Getting The Goldfinch Back
In the book, Theo and Boris reunite after Boris runs after him down the street—rather than inside a bar, where they meet in the movie (and where Theo’s only gone to get drugs, incidentally). Boris reveals to Theo in the book that he sought him out; the movie treats their meeting as if it might be a coincidence. Also, the movie completely leaves out the character Horst, Boris’ associate in art crimes who has an apartment full of forged art.
Amsterdam/The Ending
In the book, Theo does heroin while holed up in the hotel in Amsterdam, distraught about coming so close but failing to recover the painting. There’s no heroin in the movie; Theo instead abuses pills. In the book, Theo has a vision of Andy in a dream during this period; this isn’t in the movie. In the book, Theo thinks about killing himself or turning himself in, but Boris interrupts him before he does anything; in the movie, Theo takes enough pills to kill himself, but Boris finds him in his hotel room and rescues him.

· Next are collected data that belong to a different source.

Lemma admissible_triangulation_exists n (L R : {set 'I_n * 'I_n}) (V : {set 'I_n}) :
  LR_compatible L R -> 3 <= #|V| ->
  (forall e, polygon_edge V e -> admissible L R e) ->
  exists2 T, triangulation_edges V T & {in T, forall e, admissible L R e}.
Proof.
move=> LRc; move Hk: (#|V| - 3) => k; elim: k V Hk => [|k IH] V Vk V3 Vadm.
  have V_le3 : #|V| <= 3 by rewrite -subn_eq0 Vk.
  exists [set e | edge_in V e]; first exact: triangulation_small.
  by move=> e; rewrite inE => /(small_polygon_edge V_le3)/Vadm.
have [|u [v [w [earV uw_adm]]]] := good_ear_exists LRc _ Vadm.
  by rewrite -subn_gt0 Vk.
have Vv : #|V| = (#|V :\ v|).+1 by case: earV => _ vV _ _ _; rewrite (cardsD1 v) vV.
have [|||T Ttri Tadm] := IH (V :\ v); [by lia|by lia| |].
  by move=> e /(polygon_edge_setD1 earV)[/Vadm //|->].
exists ((u, v) |: ((v, w) |: T)); first exact: triangulation_add_ear.
move=> e; rewrite !inE => /or3P[/eqP->|/eqP->|/Tadm //]; apply: Vadm.
  exact: ear_edgeL earV.
exact: ear_edgeR earV.
Qed.

Theorem proposition3p9 (n : nat) (L R : {set 'I_n * 'I_n}) (V : {set 'I_n}) :
  {in L, forall e, is_edge e} ->
  {in R, forall e, is_edge e} ->
  LR_compatible L R ->
  (3 <= #|V|)%N ->
  (forall e, polygon_edge V e -> condL L e /\ condR R e) ->
  exists T : {set 'I_n * 'I_n},
    triangulation_edges V T /\ (forall e, e \in T -> condL L e /\ condR R e).
Proof.
move=> _ _ LRc V3 Vadm.
have [|T Ttri Tadm] := admissible_triangulation_exists LRc V3.
  by move=> e /Vadm[eL eR]; apply/andP.
by exists T; split=> // e /Tadm/andP.
Qed.
Lemma norm2_zero_on_cells (f : grid) :
  norm2 h N f = 0 -> on_cells N (fun i j k => f i j k = 0).
Proof.
  intros H0 i j k Hi Hj Hk. pose proof (pt_sq_le_norm2 f i j k Hi Hj Hk) as Hpt.
  rewrite H0 in Hpt.
  assert (Hf : f i j k ^ 2 <= 0) by (apply Rmult_le_reg_l with (h ^ 3); lra).
  pose proof (pow2_ge_0 (f i j k)). apply Rsqr_0_uniq. rewrite Rsqr_pow2. lra.
Qed.

Lemma ip_eq_0_of_norm2_eq_0 (f g : grid) : norm2 h N f = 0 -> ip h N f g = 0.
Proof.
  intros H0. rewrite (ip_ext f g (fun _ _ _ => 0) g)
    by (intros i j k Hi Hj Hk; rewrite (norm2_zero_on_cells f H0 i j k); auto).
  unfold ip. rewrite (sum3_ext N _ (fun _ _ _ => 0)) by (intros i j k _ _ _; ring).
  rewrite sum3_const. ring.
Qed.

(* Young's inequality with the weights that make Cauchy-Schwarz sharp. *)
Lemma mul_le_weighted_sq (x y a b : R) :
  0 < a -> 0 < b -> x * y <= b / (2 * a) * x ^ 2 + a / (2 * b) * y ^ 2.
Proof.
  intros Ha Hb.
  assert (E : b / (2 * a) * x ^ 2 + a / (2 * b) * y ^ 2 - x * y = (b * x - a * y) ^ 2 / (2 * a * b))
    by (field; lra).
  assert (0 <= (b * x - a * y) ^ 2 / (2 * a * b))
    by (apply Rle_mult_inv_pos; [apply pow2_ge_0|nra]).
  lra.
Qed.

Lemma ip_cauchy_schwarz (f g : grid) : Rabs (ip h N f g) <= norm2 h N f * norm2 h N g.
Proof.
  set (A := norm2 h N f); set (B := norm2 h N g).
  assert (HA : 0 <= A) by apply norm2_nonneg. assert (HB : 0 <= B) by apply norm2_nonneg.
  destruct (Req_dec A 0) as [A0|A0]; [|destruct (Req_dec B 0) as [B0|B0]].
  - rewrite ip_eq_0_of_norm2_eq_0, Rabs_R0 by exact A0. apply Rmult_le_pos; auto.
  - rewrite (ip_ext f g g f) by (intros i j k _ _ _; ring).
    rewrite ip_eq_0_of_norm2_eq_0, Rabs_R0 by exact B0. apply Rmult_le_pos; auto.
  - set (W := fun i j k => B / (2 * A) * f i j k ^ 2 + A / (2 * B) * g i j k ^ 2).
    assert (HW : h ^ 3 * sum3 N W = A * B).
    { assert (Ef : h ^ 3 * sum3 N (fun i j k => f i j k ^ 2) = A ^ 2).
      { unfold A. rewrite norm2_sq. unfold ip. f_equal. apply sum3_ext; intros i j k _ _ _; ring. }
      assert (Eg : h ^ 3 * sum3 N (fun i j k => g i j k ^ 2) = B ^ 2).
      { unfold B. rewrite norm2_sq. unfold ip. f_equal. apply sum3_ext; intros i j k _ _ _; ring. }
      unfold W. rewrite sum3_plus, !sum3_scal.
      transitivity (B / (2 * A) * (h ^ 3 * sum3 N (fun i j k => f i j k ^ 2))
                    + A / (2 * B) * (h ^ 3 * sum3 N (fun i j k => g i j k ^ 2))); [ring|].
      rewrite Ef, Eg. field. lra. }
    apply Rabs_le; split.
    + assert (- (h ^ 3 * sum3 N W) <= ip h N f g); [|lra].
      replace (- (h ^ 3 * sum3 N W)) with (h ^ 3 * sum3 N (fun i j k => - W i j k))
        by (rewrite sum3_opp; ring).
      unfold ip.
      apply Rmult_le_compat_l; [lra|]. apply sum3_le; intros i j k _ _ _.
      pose proof (mul_le_weighted_sq (- f i j k) (g i j k) A B) as Hy. unfold W.
      replace ((- f i j k) ^ 2) with (f i j k ^ 2) in Hy by ring. lra.
    + rewrite <- HW. unfold ip. apply Rmult_le_compat_l; [lra|].
      apply sum3_le; intros i j k _ _ _. apply mul_le_weighted_sq; lra.
Qed.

When book Theo returns home after Amsterdam, he has a talk with Hobie about what he was doing with the restored antiques and how to make everything right. The movie is more open-ended: You just see him show up as Hobie is trimming the Christmas tree. Both the book and movie leave as an open question what will happen with Theo’s romantic life: He doesn’t love Kitsey, his fiancée, and Pippa, whom he does love, says they can never be together.
Astrology
In the movie, Theo’s father (Luke Wilson), in the context of gambling on sports, mentions that being a Scorpio gives him an advantage and then says astrology is very common in the sports betting world: But this isn’t just the movie trying to be trendy with astrology; it’s right there in the book—in fact, the book has Larry’s sun and rising signs: “Sun in Scorpio, Leo Rising,” Tartt wrote. But there’s even more! Namely that we get Theo’s sign, too: Cancer, which his father, naturally, disparages.